Plus ça change, plus de le même chose
Heidegger was not merely a man with a widely held view which we generally
find distasteful, or even repulsive, today. The past does not make me
squeamish or require whitewashing in the name of pc rhetoric. Nor do I
believe blindly in progress so as to believe we are so greatly improved in
character since Heidegger's time.
All That Is Great Stands In The Storm
Heidegger leap-frogged his career during the first year of the newly elected
Nazi party, as a vociferous member. Appointed Rector of University of
Freiberg the same year the National Socialists came to power, he applied
jewish cleansing laws to the student population, is known to have denounced
collegues, and gave rousing speeches about the need for unification. He
believed that the fragmentation of Germany at the time was a "forgetting of
being". He sought models for restoration to authentic / unified being in his
Greek studies. He did resign the next year, acting as Rector [chancellor]
for only 10 months. And did help a few jewish friends with letters of
recommendation. A small nod in the direction of the intellectual and
academic debt he owed to jewish scholars such as his mentor Husserl, whose
chair he was given at Freiberg.
Interestingly, it was in the years just after stepping down from being the
Rector, that Heidegger devoted himself to the origin of works of art. He
found his models in Greek antiquity. It is helpful to remember that National
Socialists were also very interested in the subject of the origins of art.

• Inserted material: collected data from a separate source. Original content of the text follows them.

Definition T1_u (A B lam : R) (mu : R -> R -> R) (th p : R) : R :=
  add_x (Ham A B th p) (cos th) (sin th * p) lam (mu th p).
Definition T1_v (A B lam : R) (mu : R -> R -> R) (th p : R) : R :=
  add_y (Ham A B th p) (cos th) (sin th * p) lam (mu th p).
Definition T2_u (A B th p : R) : R := dbl_x A B (Ham A B th p) (cos th) (sin th * p).
Definition T2_v (A B th p : R) : R := dbl_y A B (Ham A B th p) (cos th) (sin th * p).
Definition T3_u (A B th p : R) : R := tpl_x A B (Ham A B th p) (cos th) (sin th * p).
Definition T3_v (A B th p : R) : R := tpl_y A B (Ham A B th p) (cos th) (sin th * p).

Definition has_partials (F : R -> R -> R) (th p a b : R) : Prop :=
  derivable_pt_lim (fun t => F t p) th a /\ derivable_pt_lim (fun q => F th q) p b.

Definition poisson_bracket_eq (F G : R -> R -> R) (th p c : R) : Prop :=
  exists Ft Fp Gt Gp, has_partials F th p Ft Fp /\ has_partials G th p Gt Gp /\
    Ft * Gp - Fp * Gt = c.

Definition continuous2_at (F : R -> R -> R) (th p : R) : Prop :=
  forall eps, 0 < eps -> exists del, 0 < del /\
    forall t q, Rabs (t - th) < del -> Rabs (q - p) < del ->
      Rabs (F t q - F th p) < eps.

Definition C1_sqrt_branch (A B lam : R) (mu : R -> R -> R) (th0 p0 del : R) : Prop :=
  exists dmt dmp : R -> R -> R,
    forall t q, Rabs (t - th0) < del -> Rabs (q - p0) < del ->
      mu t q ^ 2 = fE A B (Ham A B t q) lam /\
      has_partials mu t q (dmt t q) (dmp t q) /\
      continuous2_at dmt t q /\ continuous2_at dmp t q.

(* Write u = cos theta, v = sin theta p_theta and E = H.  For a point (x, y) of the
   moving curve X_E depending on (theta, p_theta), differentiating y^2 = f_E(x) and
   computing the Hamiltonian derivatives {x, E} = 2 y k, {y, E} = f_E'(x) k determine
   {x, y} = (1 - x^2) k as soon as dE <> 0; k is the speed of the point with respect
   to the invariant vector field (2 y, f_E'(x)).  The phase point (u, v) has k = -1
   and (lambda, mu) has k = 0.  Since the Hamiltonian field of E fixes E, the chord
   and tangent constructions can be differentiated along it on a fixed curve, where
   translation invariance of dx / 2y makes speeds add; so P + P', [2]P, [3]P have
   k = -1, -2, -3, and {theta~, p~} = -{u~, v~} / (1 - u~^2) = c.  The Hamiltonian
   is preserved because the new point lies on X_E. *)

From Stdlib Require Import Reals Lra.
Open Scope R_scope.

Definition dfE (A B E x : R) : R := 3 * x ^ 2 - 2 * E * x - 1 - 2 * A * B.

(* Derivative of y^2 = f_E(x) along a direction; d f_E / d E = 1 - x^2. *)
Definition tangent_velocity (A B E x y Ee X Y : R) : Prop :=
  2 * y * Y = dfE A B E x * X + (1 - x ^ 2) * Ee.

Definition bracket (Ft Fq Gt Gq : R) : R := Ft * Gq - Fq * Gt.

(* Derivatives of the chord and tangent formulas along a direction in which
   E, x1, y1, x2, y2 have derivatives Ee, X1, Y1, X2, Y2. *)
Definition dadd_slope (x1 y1 x2 y2 X1 Y1 X2 Y2 : R) : R :=
  ((Y1 - Y2) - add_slope x1 y1 x2 y2 * (X1 - X2)) / (x1 - x2).
Definition dadd_x (x1 y1 x2 y2 Ee X1 Y1 X2 Y2 : R) : R :=
  Ee + 2 * add_slope x1 y1 x2 y2 * dadd_slope x1 y1 x2 y2 X1 Y1 X2 Y2 - X1 - X2.
Definition dadd_y (E x1 y1 x2 y2 Ee X1 Y1 X2 Y2 : R) : R :=
  - Y1 - dadd_slope x1 y1 x2 y2 X1 Y1 X2 Y2 * (add_x E x1 y1 x2 y2 - x1)
  - add_slope x1 y1 x2 y2 * (dadd_x x1 y1 x2 y2 Ee X1 Y1 X2 Y2 - X1).

Definition ddbl_slope (A B E x y Ee X Y : R) : R :=
  ((6 * x - 2 * E) * X - 2 * x * Ee - 2 * dbl_slope A B E x y * Y) / (2 * y).
Definition ddbl_x (A B E x y Ee X Y : R) : R :=
  - 2 * X + Ee + 2 * dbl_slope A B E x y * ddbl_slope A B E x y Ee X Y.
Definition ddbl_y (A B E x y Ee X Y : R) : R :=
  - Y - ddbl_slope A B E x y Ee X Y * (dbl_x A B E x y - x)
  - dbl_slope A B E x y * (ddbl_x A B E x y Ee X Y - X).

(** * Chords and tangents of X_E *)

Section Chord.

Variables (A B E x1 y1 x2 y2 : R).
Hypotheses (x12 : x1 <> x2) (on1 : y1 ^ 2 = fE A B E x1) (on2 : y2 ^ 2 = fE A B E x2).

Let x12' : x1 - x2 <> 0 := Rminus_eq_contra _ _ x12.
Let x21' : x2 - x1 <> 0 := Rminus_eq_contra _ _ (not_eq_sym x12).

Lemma add_slope_line : y1 + add_slope x1 y1 x2 y2 * (x2 - x1) = y2.
Proof. unfold add_slope. field. exact x12'. Qed.

(* The difference of the two sides is linear in x and vanishes at x1 and x2. *)
Lemma add_x_chord x :
  fE A B E x - (y1 + add_slope x1 y1 x2 y2 * (x - x1)) ^ 2
  = (x - x1) * (x - x2) * (x - add_x E x1 y1 x2 y2).
Proof.
  apply Rminus_diag_uniq, (Rmult_eq_reg_l (x2 - x1)); [|exact x21'].
  transitivity ((x2 - x) * (fE A B E x1 - y1 ^ 2)
    + (x - x1) * (fE A B E x2 - (y1 + add_slope x1 y1 x2 y2 * (x2 - x1)) ^ 2)).
  - unfold add_x, fE. ring.
  - rewrite add_slope_line, <- on1, <- on2. ring.
Qed.

Lemma add_x_chord_deriv x :
  dfE A B E x - 2 * add_slope x1 y1 x2 y2 * (y1 + add_slope x1 y1 x2 y2 * (x - x1))
  = (x - x2) * (x - add_x E x1 y1 x2 y2) + (x - x1) * (x - add_x E x1 y1 x2 y2)
    + (x - x1) * (x - x2).
Proof.
  apply Rminus_diag_uniq, (Rmult_eq_reg_l (x2 - x1)); [|exact x21'].
  transitivity ((fE A B E x2 - (y1 + add_slope x1 y1 x2 y2 * (x2 - x1)) ^ 2)
    - (fE A B E x1 - y1 ^ 2)).
  - unfold add_x, dfE, fE. ring.
  - rewrite add_slope_line, <- on1, <- on2. ring.
Qed.

Lemma add_on_curve : add_y E x1 y1 x2 y2 ^ 2 = fE A B E (add_x E x1 y1 x2 y2).
Proof.
  pose proof (add_x_chord (add_x E x1 y1 x2 y2)) as C.
  unfold add_y. set (x3 := add_x E x1 y1 x2 y2) in *. nra.
Qed.


Lemma dadd_slope_line X1 Y1 X2 Y2 :
  Y1 + dadd_slope x1 y1 x2 y2 X1 Y1 X2 Y2 * (x2 - x1)
     + add_slope x1 y1 x2 y2 * (X2 - X1) = Y2.
Proof. unfold dadd_slope. field. exact x12'. Qed.

Lemma add_tangent Ee X1 Y1 X2 Y2 :
  tangent_velocity A B E x1 y1 Ee X1 Y1 -> tangent_velocity A B E x2 y2 Ee X2 Y2 ->
  tangent_velocity A B E (add_x E x1 y1 x2 y2) (add_y E x1 y1 x2 y2) Ee
    (dadd_x x1 y1 x2 y2 Ee X1 Y1 X2 Y2) (dadd_y E x1 y1 x2 y2 Ee X1 Y1 X2 Y2).
Proof.
  unfold tangent_velocity. intros T1 T2.
  pose proof (add_x_chord (add_x E x1 y1 x2 y2)) as C3.
  pose proof add_slope_line as L.
  pose proof (dadd_slope_line X1 Y1 X2 Y2) as L'.
  unfold dadd_y, dadd_x, add_y in *.
  set (m := add_slope x1 y1 x2 y2) in *.
  set (M := dadd_slope x1 y1 x2 y2 X1 Y1 X2 Y2) in *.
  set (x3 := add_x E x1 y1 x2 y2) in *.
  set (X3 := Ee + 2 * m * M - X1 - X2).
  apply Rminus_diag_uniq, (Rmult_eq_reg_l (x2 - x1)); [|exact x21'].
  (* derivative of the interpolation identity behind add_x_chord, taken at x = x3 *)
  transitivity (
    (X2 - X1) * (fE A B E x3 - (y1 + m * (x3 - x1)) ^ 2)
    - (dfE A B E x1 * X1 + (1 - x1 ^ 2) * Ee - 2 * y1 * Y1) * (x2 - x3)
    - (fE A B E x1 - y1 ^ 2) * (X2 - X3)
    - (dfE A B E x2 * X2 + (1 - x2 ^ 2) * Ee
       - 2 * (y1 + m * (x2 - x1)) * (Y1 + M * (x2 - x1) + m * (X2 - X1))) * (x3 - x1)
    - (fE A B E x2 - (y1 + m * (x2 - x1)) ^ 2) * (X3 - X1)).
  - unfold X3, x3, add_x, dfE, fE. fold m. ring.
  - rewrite L, L', C3, <- on1, <- on2, <- T1, <- T2. ring.
Qed.

Lemma add_slope_velocity k1 k2 :
  dadd_slope x1 y1 x2 y2 (2 * y1 * k1) (dfE A B E x1 * k1) (2 * y2 * k2) (dfE A B E x2 * k2)
  = (x1 - add_x E x1 y1 x2 y2) * k1 + (x2 - add_x E x1 y1 x2 y2) * k2.
Proof.
  pose proof (add_x_chord_deriv x1) as F1.
  pose proof (add_x_chord_deriv x2) as F2.
  rewrite add_slope_line in F2.
  unfold dadd_slope.
  apply (Rmult_eq_reg_l (x1 - x2)); [|exact x12'].
  set (m := add_slope x1 y1 x2 y2) in *.
  transitivity ((dfE A B E x1 - 2 * m * (y1 + m * (x1 - x1))) * k1
    - (dfE A B E x2 - 2 * m * y2) * k2).
  - field. exact x12'.
  - rewrite F1, F2. ring.
Qed.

They too wished to unify and transform their being-in-the-world, so to
speak, into a great collective Dasein, modeled on certain origins in the
past.
Yes, But What Was He Saying
Having read Heidegger's Sein and Zeit many times, and later works, many too
many times [enough years ago now], particularly in the context of
Existentialism [small e is fine]. Looking back he seems nothing more than a
ontologist of the metaphysical variety, sandwiched between Husserl's far
more original Phenomenology, and the kind of ontology that could
existentially hold up to fascism: Sartre and Camus. While he made an
interesting connection between Kierkegaard [mr. multiple pseudonym] and
Husserl, his work is largely stuffy armchair dull, and repetitious when not
derivative. What is Heidegger's contribution if you take away Fichte [a
genuinely maligned philosopher because of his pan-germanic ideas],
Schelling, Kant, Kierkegaard, Schopenhauer, Nietzche, and most of all
Husserl? The philosopher of history, Herder [creator of the seminar as a
teaching form] both informed, and provides a great contrast. It is also easy
to speculate on how much Hannah Arendt, his mistress, had to do with Sein
und Zeit?
In any case he is ultimately a idealistic metaphysician. Which is fine if
that's what you're into. Ontology, idealism, exploration of history, and
existentialism are all extremely applicable to film theory. But as to
looking for inspiration from the origins of art, give me the usual suspects
listed above, Bergson, Deleuze, Benjamin, Pierce. Even old Wittgenstein
[whose negotiations with his own identity and ultimately Hitler's inner
circle to preserve status of his sisters so they would not have to leave
Austria] is much more interesting as far as art theory and philosophy goes.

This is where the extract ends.